Obviously A. Merkel’s statement that Bush “greenlighted” Kohl’s plan does not reflect the reality quite adequately. The situation is even more peculiar with the positions of Great Britain and France.

British Prime Minister M. Thatcher told Gorbachev that the German unification would not be in the interests of Great Britain and Western Europe as a whole, and suggested abandoning the idea altogether. She opined that no overhaul of post-war borders in Europe was needed as destabilization would follow, security would be jeopardized, and all these things could not be allowed to happen. French President F. Mitterrand said a new united Germany would present an even greater threat than it did under Hitler. He believed the German unification would revitalize “bad” Germans who used to dominate Europe and would cause Europe to revert to the situation which existed before World War I…

These are the matters of the past. Currently the united Germany is a recognized European leader with great economic potential, political clout, and international prestige. Berlin largely defines the future of Europe.

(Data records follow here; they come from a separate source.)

Definition top_part (c0 B : config) : config :=
  Config (take (size (inq c0)) (inq B))
         [seq take p.1 p.2 | p <- zip (shape (stks c0)) (stks B)]
         (drop (size (outq B) - size (outq c0)) (outq B)).

Definition bottom_part (c0 B : config) : config :=
  Config (drop (size (inq c0)) (inq B))
         [seq drop p.1 p.2 | p <- zip (shape (stks c0)) (stks B)]
         (take (size (outq B) - size (outq c0)) (outq B)).

Lemma on_top_split c0 B : size (stks c0) = size (stks B) ->
  on_top (top_part c0 B) (bottom_part c0 B) = B.
Proof.
case: B => a s o h; rewrite /on_top /top_part /bottom_part /= !cat_take_drop.
congr Config; move: h; rewrite -(size_map size) -/(shape _) /stack_seqs.
by elim: (shape _) s => [|n sh IH] [|t s] //= [/IH ->]; rewrite cat_take_drop.
Qed.

Lemma size_bottom_part k c0 B : size (stks c0) = k -> size (stks B) = k ->
  size (stks (bottom_part c0 B)) = k.
Proof. by move=> h1 h2; rewrite /bottom_part /= size_map size_zip size_map h1 h2 minnn. Qed.

Lemma top_part_shape k c e c0 : size (stks c) = k -> size (stks e) = k ->
  same_shape e c0 -> same_shape (top_part c0 (on_top c e)) c0.
Proof.
move=> hc he [h1 h2 h3]; split; rewrite /top_part /on_top /=.
- by rewrite size_takel // size_cat -h1 leq_addl.
- rewrite -h2; have : size (stks c) = size (stks e) by rewrite hc he.
  elim: (stks c) (stks e) => [|a s IH] [|b t] //= [/IH ->].
  by rewrite size_takel // size_cat leq_addl.
- rewrite size_drop size_cat -h3; lia.
Qed.

Lemma agree_on_top k (u v : seq (move k)) c0 d0 c e :
  size (stks c0) = k -> uniq (elems c0) ->
  act u (Some c0) = Some d0 -> act v (Some c0) = Some d0 ->
  size (stks c) = k -> size (stks e) = k -> same_shape e c0 ->
  act u (Some (on_top c e)) = act v (Some (on_top c e)).
Proof.
move=> hk0 uc hu hv hk he e_shape; set B := on_top c e.
have hsz : size (stks c0) = size (stks B) by rewrite /= size_stack_seqs hk ?he.
rewrite -(on_top_split hsz).
have top_shape := top_part_shape hk he e_shape.
have [huv hn] := agree_on_shape uc hu hv top_shape.
have size_top : size (stks (top_part c0 B)) = k.
  by case: top_shape => _ h _; rewrite -(size_map size) -/(shape _) h /shape size_map.
have size_bottom : size (stks (bottom_part c0 B)) = k.
  by apply: size_bottom_part => //; rewrite -hsz.
case hx: (act u (Some (top_part c0 B))) hn => [dx|] // _; rewrite hx in huv.
by rewrite (act_on_top size_bottom size_top hx) (act_on_top size_bottom size_top (esym huv)).
Qed.

Definition mass (g : nat -> nat) (s : seq nat) : nat := sumn (map g s).

Fixpoint stacks_potential (w g : nat -> nat) (j : nat) (ss : seq (seq nat)) : nat :=
  if ss is s :: ss' then w j * mass g s + stacks_potential w g j.+1 ss' else 0.

Definition potential k (w g : nat -> nat) (c : config) : nat :=
  w 0 * mass g (inq c) + stacks_potential w g 1 (stks c) + w k.+1 * mass g (outq c).

Lemma mass_cat g s t : mass g (s ++ t) = mass g s + mass g t.
Proof. by rewrite /mass map_cat sumn_cat. Qed.

Lemma stacks_potential_set_nth w g i ss j t : j < size ss ->
  stacks_potential w g i (set_nth [::] ss j t) + w (i + j) * mass g (nth [::] ss j)
  = stacks_potential w g i ss + w (i + j) * mass g t.
Proof.
elim: ss i j => [|s ss IH] i [|j] //= hj; first by rewrite addn0; lia.
have := IH i.+1 j hj; rewrite addSnnS; lia.
Qed.

Lemma potential_on_top k w g c e : size (stks c) = size (stks e) ->
  potential k w g (on_top c e) = potential k w g c + potential k w g e.
Proof.
move=> hs; have stacks : forall i, stacks_potential w g i (stack_seqs (stks c) (stks e))
    = stacks_potential w g i (stks c) + stacks_potential w g i (stks e).
  elim: (stks c) (stks e) hs => [|a s IH] [|b t] //= [/IH h] i.
  by rewrite h mass_cat mulnDr; lia.
by rewrite /potential /on_top /= stacks !mass_cat !mulnDr; lia.
Qed.

Lemma take_src_potential k w g i c x c1 : i <= k -> size (stks c) = k ->
  take_src i c = Some (x, c1) -> potential k w g c1 + w i * g x = potential k w g c.
Proof.
rewrite /take_src /potential; case: eqP => i0 hi hs.
  by case: (inq c) => //= y r [<- <-] /=; rewrite i0 /mass /= mulnDr; lia.
case h: (nth [::] (stks c) i.-1) => [|y r] //= [<- <-] /=.
have hj : i.-1 < size (stks c) by rewrite hs; lia.
have := stacks_potential_set_nth w g 1 r hj; rewrite h /mass /=.
have -> : 1 + i.-1 = i by lia.
rewrite mulnDr; lia.
Qed.

Lemma put_dst_potential k w g i x c : i <= k -> size (stks c) = k ->
  potential k w g (put_dst k i x c) = potential k w g c + w i.+1 * g x.
Proof.
rewrite /put_dst /potential; case: eqP => ik hi hs /=.
  by rewrite /mass map_rcons sumn_rcons mulnDr ik; lia.
have hj : i < size (stks c) by rewrite hs; lia.
have := stacks_potential_set_nth w g 1 (x :: nth [::] (stks c) i) hj.
rewrite /mass /= add1n mulnDr; lia.
Qed.

Lemma step_potential k (m : move k) c x c1 w g : size (stks c) = k ->
  take_src m c = Some (x, c1) ->
  potential k w g (put_dst k m x c1) + w m * g x = potential k w g c + w m.+1 * g x.
Proof.
move=> hs h; rewrite put_dst_potential ?move_le //; last exact: take_src_size (move_le m) hs h.
rewrite -(take_src_potential w g (move_le m) hs h); lia.
Qed.

(* With weights i |-> i the potential never decreases; with unit weights it is
   the total mass, which is invariant. *)
Lemma act_potential k (w : seq (move k)) c d g : size (stks c) = k ->
  act w (Some c) = Some d ->
  potential k id g c <= potential k id g d /\
  potential k (fun _ => 1) g d = potential k (fun _ => 1) g c.
Proof.
elim: w c => [|m w IH] c hs; first by case=> ->.
rewrite act_cons /=; case h: (step m c) => [c1|] /=; last by rewrite act_illegal.
move=> /IH [|le_c1_d eq_d_c1]; first exact: step_size h.
have [x [c2 [ht hc1]]] := stepE h.
have := step_potential id g hs ht; have := step_potential (fun _ => 1) g hs ht.
rewrite -hc1 /= eq_d_c1; split; [apply: leq_trans le_c1_d|]; lia.
Qed.

Lemma potential_mass0 k w g c : potential k (fun _ => 1) g c = 0 -> potential k w g c = 0.
Proof.
have stacks0 i ss : stacks_potential (fun _ => 1) g i ss = 0 ->
    stacks_potential w g i ss = 0.
  elim: ss i => [|s ss IH] i //= /eqP; rewrite addn_eq0 mul1n.
  by case/andP=> /eqP -> /eqP /IH ->; rewrite muln0.
rewrite /potential !mul1n => /eqP; rewrite !addn_eq0.
by case/andP=> /andP [/eqP -> /eqP /stacks0 ->] /eqP ->; rewrite !muln0.
Qed.

Lemma potential_unmarked k g c : all (fun x => g x == 0) (elems c) ->
  potential k (fun _ => 1) g c = 0.
Proof.
have mass0 s : all (fun x => g x == 0) s -> mass g s = 0.
  elim: s => [|x s IH] //= /andP [/eqP gx /IH ms0].
  by rewrite /mass /= gx -/(mass g s) ms0.
have stacks0 i ss : all (fun x => g x == 0) (flatten ss) ->
    stacks_potential (fun _ => 1) g i ss = 0.
  elim: ss i => [|s ss IH] i //=; rewrite all_cat => /andP [/mass0 -> /IH ->].
  by rewrite muln0.
rewrite /elems !all_cat => /and3P [/mass0 a /stacks0 b /mass0 d].
by rewrite /potential a b d !muln0.
Qed.

Section Cancel.
Variables (k : nat) (g : nat -> nat) (e : config).
Hypothesis size_e : size (stks e) = k.
Hypothesis e_marked : forall x, x \in elems e -> g x = 1.

(* Let c carry no mass.  A run on [on_top c e] that does not raise the potential
   above that of e never moves a label of e, so it is defined already on c. *)
Lemma defined_of_on_top (w : seq (move k)) c D : size (stks c) = k ->
  potential k (fun _ => 1) g c = 0 -> act w (Some (on_top c e)) = Some D ->
  potential k id g D <= potential k id g e -> act w (Some c) <> None.
Proof.
elim: w c => [|m w IH] c hs c_mass0 //.
rewrite !act_cons /=; case h: (step m c) => [c1|] /=.
  rewrite (step_on_top size_e hs h) /=; apply: IH; first exact: step_size h.
  have one_step : act [:: m] (Some c) = Some c1 by rewrite act_cons /= h.
  by have [_ ->] := act_potential g hs one_step.
case h2: (step m (on_top c e)) => [c2|] /=; last by rewrite act_illegal.
have hse : size (stks (on_top c e)) = k by rewrite /= size_stack_seqs ?hs ?size_e.
move=> hD hle _.
have [x [c1' [ht hc2]]] := stepE h2.
have hn : take_src m c = None.
  by move: h; rewrite /step; case: (take_src m c) => [[]|].
have gx : g x = 1 := e_marked (take_src_on_top_illegal size_e (move_le m) hs hn ht).
have := step_potential id g hse ht; rewrite -hc2 gx !muln1 /=.
have [mono _] := act_potential g (step_size hse h2) hD.
rewrite potential_on_top ?hs ?size_e // (potential_mass0 id c_mass0); lia.
Qed.

Lemma cancel_bottom (u v : seq (move k)) c d : size (stks c) = k ->
  potential k (fun _ => 1) g c = 0 ->
  act u (Some (on_top c e)) = act v (Some (on_top c e)) ->
  act u (Some c) = Some d -> act v (Some c) = Some d.
Proof.
move=> hs c_mass0 huv hu.
have hd := act_size hs hu.
have hvD : act v (Some (on_top c e)) = Some (on_top d e).
  by rewrite -huv; exact: act_on_top.
have [_ d_mass] := act_potential g hs hu; rewrite c_mass0 in d_mass.
case hv: (act v (Some c)) => [d'|]; last first.
  exfalso; apply: (defined_of_on_top hs c_mass0 hvD) => //.
  by rewrite potential_on_top ?hd ?size_e // (potential_mass0 id d_mass).
have hd' := act_size hs hv.
have := act_on_top size_e hs hv; rewrite hvD => /Some_inj /on_top_inj -> //;
  by rewrite size_e.
Qed.
End Cancel.

Definition big_enough (n : nat) (c : config) : bool :=
  (n <= size (inq c)) && all (fun s => n <= size s) (stks c).

Lemma all_set_nth (P : pred (seq nat)) s j y : j < size s -> all P s -> P y ->
  all P (set_nth [::] s j y).
Proof.
elim: s j => [|a s IH] [|j] //= hj /andP [pa ps] py; first by rewrite py.
by rewrite pa IH.
Qed.

Lemma take_src_big k i c n : i <= k -> size (stks c) = k -> big_enough n.+1 c ->
  exists x c1, take_src i c = Some (x, c1) /\ big_enough n c1.
Proof.
rewrite /take_src /big_enough; case: eqP => i0 hi hs /andP [h1 h2].
  case: (inq c) h1 => //= x r h1; exists x, (Config r (stks c) (outq c)); split => //=.
  by apply/andP; split => //; apply: sub_all h2 => s; exact: ltnW.
have hj : i.-1 < size (stks c) by rewrite hs; lia.
have := allP h2 _ (mem_nth [::] hj).
case: (nth [::] (stks c) i.-1) => //= x r hr.
exists x, (Config (inq c) (set_nth [::] (stks c) i.-1 r) (outq c)); split => //=.
rewrite ltnW //; apply: all_set_nth => //; apply: sub_all h2 => s; exact: ltnW.
Qed.

Lemma put_dst_big k i x c n : i <= k -> size (stks c) = k -> big_enough n c ->
  big_enough n (put_dst k i x c).
Proof.
rewrite /put_dst /big_enough; case: eqP => ik hi hs /andP [h1 h2] /=; rewrite h1 //=.
have hj : i < size (stks c) by rewrite hs; lia.
by apply: all_set_nth => //=; apply/leqW/(allP h2)/mem_nth.
Qed.

(* Each move consumes at most one element of a stage, so a word w is defined
   on any configuration that is [big_enough (size w)]. *)
Lemma act_defined_on_big k (w : seq (move k)) c : size (stks c) = k ->
  big_enough (size w) c -> act w (Some c) <> None.
Proof.
elim: w c => [|m w IH] c hs hb //.
have [x [c1 [ht hb1]]] := take_src_big (move_le m) hs hb.
have hs1 := take_src_size (move_le m) hs ht.
rewrite act_cons /= /step ht /=; apply: IH.
  exact: put_dst_size (move_le m) hs1.
exact: put_dst_big (move_le m) hs1 hb1.
Qed.

Definition fill (M : nat) (c0 : config) : config :=
  Config (nseq (size (inq c0)) M) [seq nseq (size s) M | s <- stks c0]
         (nseq (size (outq c0)) M).

Lemma fill_shape M c0 : same_shape (fill M c0) c0.
Proof.
split; rewrite /= ?size_nseq //.
by rewrite /shape -map_comp; apply: eq_map => s /=; rewrite size_nseq.
Qed.

Lemma elems_fill M c0 x : x \in elems (fill M c0) -> x = M.
Proof.
rewrite /elems /= !mem_cat => /or3P [| /flattenP [s /mapP [s' _ ->]] |];
  by rewrite mem_nseq => /andP [_ /eqP].
Qed.

(* Used to pick a label larger than all labels of a configuration. *)
Lemma mem_leq_sumn x (s : seq nat) : x \in s -> x <= sumn s.
Proof.
elim: s => //= y s IH; rewrite inE => /orP [/eqP ->|/IH h]; first exact: leq_addr.
exact: leq_trans h (leq_addl _ _).
Qed.

(* Agreement on one legal state where u is defined implies u ~ v: stack an
   arbitrary c on a filling of the shape of c0 by a fresh marked label M. *)
Lemma agree_everywhere k (u v : seq (move k)) c0 d0 : wf_config k c0 ->
  act u (Some c0) = Some d0 -> act v (Some c0) = Some d0 -> equiv_words u v.
Proof.
case/andP => /eqP hk0 uc0 hu hv [c|] /=; last by rewrite !act_illegal.
case/andP => /eqP hk _.
pose M := (sumn (elems c)).+1; pose g x := nat_of_bool (M <= x).
have e_marked x : x \in elems (fill M c0) -> g x = 1.
  by move/elems_fill ->; rewrite /g leqnn.
have he : size (stks (fill M c0)) = k by rewrite /= size_map.
have c_mass0 : potential k (fun _ => 1) g c = 0.
  apply: potential_unmarked; apply/allP => x /mem_leq_sumn hx.
  by rewrite /g leqNgt ltnS hx.
have huv := agree_on_top hk0 uc0 hu hv hk he (fill_shape M c0).
case hu': (act u (Some c)) => [d|].
  by rewrite (cancel_bottom he e_marked hk c_mass0 huv hu').
case hv': (act v (Some c)) => [d|] //.
by rewrite (cancel_bottom he e_marked hk c_mass0 (esym huv) hv') in hu'.
Qed.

Still, there is a particularly important lesson to be learned from the past two decades. The demise of the Berlin Wall failed to lay solid foundations for the pan-European security. Hopes of millions of Europeans to see a better world order have not come true. The wars and conflicts in Abkhazia, Afghanistan, Bosnia, Iraq, Kosovo, Macedonia, Karabakh, former Yugoslavia, and South Ossetia showed that in the world without the stability sustained by the bipolar system there is no traditional respect for sovereignty, territorial integrity, and independence of countries. Without the basic principles, force has become the main argument in international relations.

Lines from Goethe come to mind: «Geld verloren – nichts verloren, Ehre verloren – viele verloren, Mut verloren – alles verloren, da waerst du besser nicht geboren» (When money is lost, nothing is lost. When honor is lost, everything is lost). It would be great if on November 9 the leaders of Europe and Russia find the political courage to not only admire the fruits of freedom on the ruins of the Berlin Wall, but also to make a real step towards ensuring their efficient protection in the future.